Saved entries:
Lemma Delta3_basisK3 i : Delta3 (tnth (basisK3 k) i) = 0.
Proof.
case: i => [[|[|[|[|[|[|//]]]]]] ?]; rewrite (tnth_nth 0) /=.
- exact: Delta3_1.
- exact: Delta3_x1.
- exact: Delta3_x2.
- exact: Delta3_x1e2.
- exact: Delta4.
- exact: Delta4.
Qed.

Lemma Aspan_K3 f : Aspan (basisK3 k) f -> inK3 f.
Proof.
case=> a [Aa ->]; rewrite /inK3 /= Delta3_comb //.
by rewrite big1 // => i _; rewrite Delta3_basisK3 mulr0.
Qed.

Lemma K3_xycomb_Aspan (c : nat -> P) : (forall j, inA (c j)) ->
  Delta3 (\sum_(i < 8) c i * tnth xybasis i) = 0 ->
  Aspan (basisK3 k) (\sum_(i < 8) c i * tnth xybasis i).
Proof.
move=> Ac; rewrite Delta3_xycomb //.
move=> /(Afree_nth Afree_xybasis (inA_Delta3_coords Ac)) coord0.
have z0 : z != 0 := mpolyX_neq0 o2.
have c7 : c 7%N = 0.
  by have /eqP := coord0 1%N isT; rewrite /= mulf_eq0 expf_eq0 (negbTE z0) orbF => /eqP.
have /eqP : z * (b * c 3%N - z * (c 5%N + c 6%N * z)) = 0.
  rewrite -(coord0 0%N isT) /= c7.
  by apply: (@char2_eq _ _ (- (c 5%N * z ^+ 2 + c 6%N * z ^+ 3))); ring.
rewrite mulf_eq0 (negbTE z0) subr_eq0 /= => /eqP eq3.
have [d Ad c3E] := inA_dvd_x3 (inA_D (Ac 5%N) (inA_M (Ac 6%N) inA_x3)) (Ac 3%N) eq3.
have c5E : c 5%N = c 6%N * z + d * b.
  move: eq3; rewrite c3E mulrCA => /(mulfI z0) eq5.
  apply: (@char2_eq _ _ (- (c 6%N * z))).
  by rewrite -[c 5%N](addrK (c 6%N * z)) -eq5; ring.
apply: (@Aspan_nth _ _ [:: c 0%N - c 6%N * (z * b) - d * b ^+ 2; c 1%N - c 6%N * b;
                          c 4%N - c 6%N * (b + z ^+ 2) - d * (z * b); c 2%N - d * b; c 6%N; d]).
  by rewrite /=; do !split; auto 8 with inA.
rewrite (sum_tnth_iota _ id) (sum_tnth_iota _ id); expand_sums.
by rewrite Delta_x1e3 Delta_x1e3x2 c3E c5E c7; ring.
Qed.

Lemma K3_Aspan f : inK3 f -> Aspan (basisK3 k) f.
Proof.
have [a [Aa ->]] := Aspan_xybasis f; rewrite /inK3 /= sum_ord_inord.
by apply: (K3_xycomb_Aspan (c := fun j => a (inord j))) => j; exact: Aa.
Qed.

Definition basisK3_coords (c : nat -> P) : seq P :=
  [:: c 0%N + c 4%N * (z * b) + c 5%N * b ^+ 2; c 1%N + c 4%N * b; c 3%N + c 5%N * b;
      c 5%N * z; c 2%N + c 4%N * (b + z ^+ 2) + c 5%N * (z * b); c 4%N * z + c 5%N * b;
      c 4%N; 0].

Lemma basisK3_xycomb (c : nat -> P) :
  \sum_(i < 6) c i * tnth (basisK3 k) i = \sum_(i < 8) nth 0 (basisK3_coords c) i * tnth xybasis i.
Proof.
rewrite (sum_tnth_iota _ id) (sum_tnth_iota _ id); expand_sums.
by rewrite Delta_x1e3 Delta_x1e3x2; ring.
Qed.

Lemma Afree_basisK3 : Afree (basisK3 k).
Proof.
move=> a Aa; set c := fun j => a (inord j); have Ac j : inA (c j) by exact: Aa.
have As : all_inA (basisK3_coords c) by rewrite /=; do !split; auto 8 with inA.
rewrite sum_ord_inord (basisK3_xycomb c) => /(Afree_nth Afree_xybasis As) coord0.
have c4 : c 4%N = 0 := coord0 6%N isT.
have c5 : c 5%N = 0.
  by have /eqP := coord0 3%N isT; rewrite /= mulf_eq0 (negbTE (mpolyX_neq0 o2)) orbF => /eqP.
have := coord0 0%N isT; have := coord0 1%N isT; have := coord0 2%N isT; have := coord0 4%N isT.
rewrite /= c4 c5 !mul0r !addr0 => c2 c3 c1 c0 i.
by rewrite -[i]inord_val; case: i => [[|[|[|[|[|[|//]]]]]] ?].
Qed.

End Proposition.

Theorem proposition4p18 (k : fieldType) (hchar : 2%N \in [pchar k]) :
  (forall i : 'I_6, inK3 (tnth (basisK3 k) i)) /\
  (forall f : {mpoly k[3]},
      inK3 f <->
      exists a : 'I_6 -> {mpoly k[3]},
        (forall i, inA (a i)) /\ f = \sum_(i < 6) a i * tnth (basisK3 k) i) /\
  (forall a : 'I_6 -> {mpoly k[3]},
      (forall i, inA (a i)) ->
      \sum_(i < 6) a i * tnth (basisK3 k) i = 0 ->
      forall i, a i = 0).
Proof.
split; first exact: Delta3_basisK3 hchar.
split; last exact: Afree_basisK3 hchar.
by move=> f; split; [exact: K3_Aspan | exact: Aspan_K3].
Qed.
Lemma edge_large_face d b b' : large b -> fconnect s b d ->
    large b' -> fconnect s b' (a d) -> large d || large (s d) ->
  face_of a s b = face_of a s b' /\ (d \in face_of a s b) || (a d \in face_of a s b).
Proof.
move=> lb bd lb' bd' /orP[ld | lsd].
- have Ebd := large_unique lb ld bd; subst d.
  have bpb : fconnect s b' (p b) by apply: connect_trans bd' (fconnect1 s _).
  have -> : b' = p b by apply: large_unique lb' _ bpb; rewrite large_phi.
  by rewrite mem_face_of; split=> //; apply/face_of_fconnect/fconnect1.
- have Ebsd := large_unique lb lsd (connect_trans bd (fconnect1 s d)); subst b.
  have adsd : fconnect p (a d) (s d) by rewrite -phi_alpha fconnect1.
  have lad : large (a d) by rewrite -phi_alpha large_phi in lsd.
  by rewrite (large_unique lb' lad bd') -(face_of_fconnect adsd) mem_face_of orbT.
Qed.

End PositivelyCurved.

Lemma planar_pcc_positively_curved (D : finType) (alpha sigma : D -> D) :
  planar_pcc alpha sigma -> positively_curved alpha sigma.
Proof.
case=> [[sI [aK [_ [_ [no_loop [simple _]]]]]] vertex_pcc _ _].
split=> // x; have /vertex_pcc[curv deg] : is_vertex sigma (vertex_of sigma x) by apply: imset_f.
- by rewrite /vertex_of cardsE in deg.
- exact: curv.
Qed.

*PROBLEM REQUIREMENTS*: Copy out the lines above with "ring" in them.

*ANSWER SPACE*:
  by apply: (@char2_eq _ _ (- (c 5%N * z ^+ 2 + c 6%N * z ^+ 3))); ring.
  by rewrite -[c 5%N](addrK (c 6%N * z)) -eq5; ring.
by rewrite Delta_x1e3 Delta_x1e3x2 c3E c5E c7; ring.
by rewrite Delta_x1e3 Delta_x1e3x2; ring.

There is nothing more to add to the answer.